In mijn onderzoek werd nagegaan wat de verwachte penetratiegraad van elektrische voertuigen in België zal zijn en welke factoren de opkomst ervan ondersteunen. Vervolgens werd getracht een antwoord te geven op de vraag hoe voertuigbatterijen efficiënt en comfortabel opgeladen kunnen worden. Er werd aandacht besteed aan zowel draadloze als niet-draadloze oplaadtechnieken. Bij deze laatste kan men denken aan oplaadpalen en batterijwisselstations. Oplaadpalen worden via een stroomdraad rechtstreeks verbonden met de wagen om de batterij op te laden. In batterijwisselstations kan een lege batterij via een drive-in systeem zeer snel voor een volle ingeruild worden. Daarnaast is er ruime aandacht voor draadloze systemen. Een fysieke connectie is dan overbodig. Er werd nagegaan welke technieken het best geschikt zijn voor het draadloos opladen van voertuigbatterijen. Magnetische resonante inductie lijkt hierbij de meeste voordelen te bieden.

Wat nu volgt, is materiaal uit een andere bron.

(* For every $\alpha\in\Lambda$, the $*$-representation $\pi_\alpha$ of $W$ on $H_\alpha$ is irreducible.
   Context: Fix $d\ge 2$ and complex numbers $q_{ij}$, $1\le i\ne j\le d$, with $|q_{ij}|<1$ and $q_{ij}=\overline{q_{ji}}$. Let $W$ be the universal $C^*$-algebra generated by $s_1,\dots,s_d$ subject to $s_i^*s_i=I$ and $s_i^*s_j=q_{ij}s_js_i^*$ for $i\ne j$. Let $\Lambda_m=\{1,\dots,d\}^m$ ($\Lambda_0=\{\emptyset\}$), $\Lambda^0=\bigcup_m\Lambda_m$, $\Lambda=\{1,\dots,d\}^{\mathbb N}$; $s_\alpha=s_{\alpha_1}\cdots s_{\alpha_m}$, $s_\emptyset=I$. Shifts: $\sigma(\beta_1,\beta_2,\dots)=(\beta_2,\dots)$, $\sigma_j(\beta_1,\beta_2,\dots)=(j,\beta_1,\beta_2,\dots)$. $\beta\sim\alpha$ means $\sigma^m(\beta)=\sigma^n(\alpha)$ for some $m,n\ge0$. Fock representation: $\pi_F$ on $\mathcal F$ with unit vector $\Omega$, $\pi_F(s_j)^*\Omega=0$, and $\pi_F(s_\gamma)\Omega$, $\gamma\in\Lambda^0$, spanning a dense subspace. For $\gamma,\beta\in\Lambda_m$, $q(\gamma,\beta)=\langle\pi_F(s_\gamma)^*\pi_F(s_\beta)\Omega,\Omega\rangle$; for infinite $\gamma,\beta$, $q(\gamma,\beta)=\lim_m q((\gamma_1,\dots,\gamma_m),(\beta_1,\dots,\beta_m))$. $H_\alpha$ is the Hilbert space completion of the span of formal vectors $e_\beta$, $\beta\sim\alpha$, with respect to the positive form $(e_\beta,e_\gamma)=q(\gamma,\beta)$. The representation $\pi_\alpha$ of $W$ on $H_\alpha$ is given by $\pi_\alpha(s_j)e_\beta=e_{\sigma_j(\beta)}$, and $\pi_\alpha(s_j)^*e_\beta=0$ if $\beta$ does not contain $j$, $\pi_\alpha(s_j)^*e_\beta=q(j,\beta)e_{\beta\setminus j}$ otherwise, where for $\beta=(\beta'j\beta'')$ with $\beta'=(\beta'_1,\dots,\beta'_r)$ not containing $j$, $q(j,\beta)=q_{j\beta'_1}\cdots q_{j\beta'_r}$ and $\beta\setminus j=(\beta'\beta'')$. *)

From HB Require Import structures.
From mathcomp Require Import all_boot all_order all_algebra.
From mathcomp Require Import reals.
From mathcomp Require Export complex.
Set Implicit Arguments. Unset Strict Implicit. Unset Printing Implicit Defensive.
Import Order.TTheory GRing.Theory Num.Theory.
Local Open Scope ring_scope.
Local Open Scope complex_scope.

Uit ons vooronderzoek bleek dat er weinig vergelijkende analyses bestaan tussen de diverse oplaadtechnieken. Een van de doelstellingen van deze masterproef was de verschillende oplaadsystemen vanuit verschillende oogpunten te vergelijken: technisch, financieel en strategisch.

Deze studie leert dat het technisch mogelijk is met de voorgestelde systemen de batterijen van elektrische voertuigen te laden. Met betrekking tot het draadloos opladen dient er nog verder onderzocht te worden hoe de straling voor mens en elektronica beperkt kan worden.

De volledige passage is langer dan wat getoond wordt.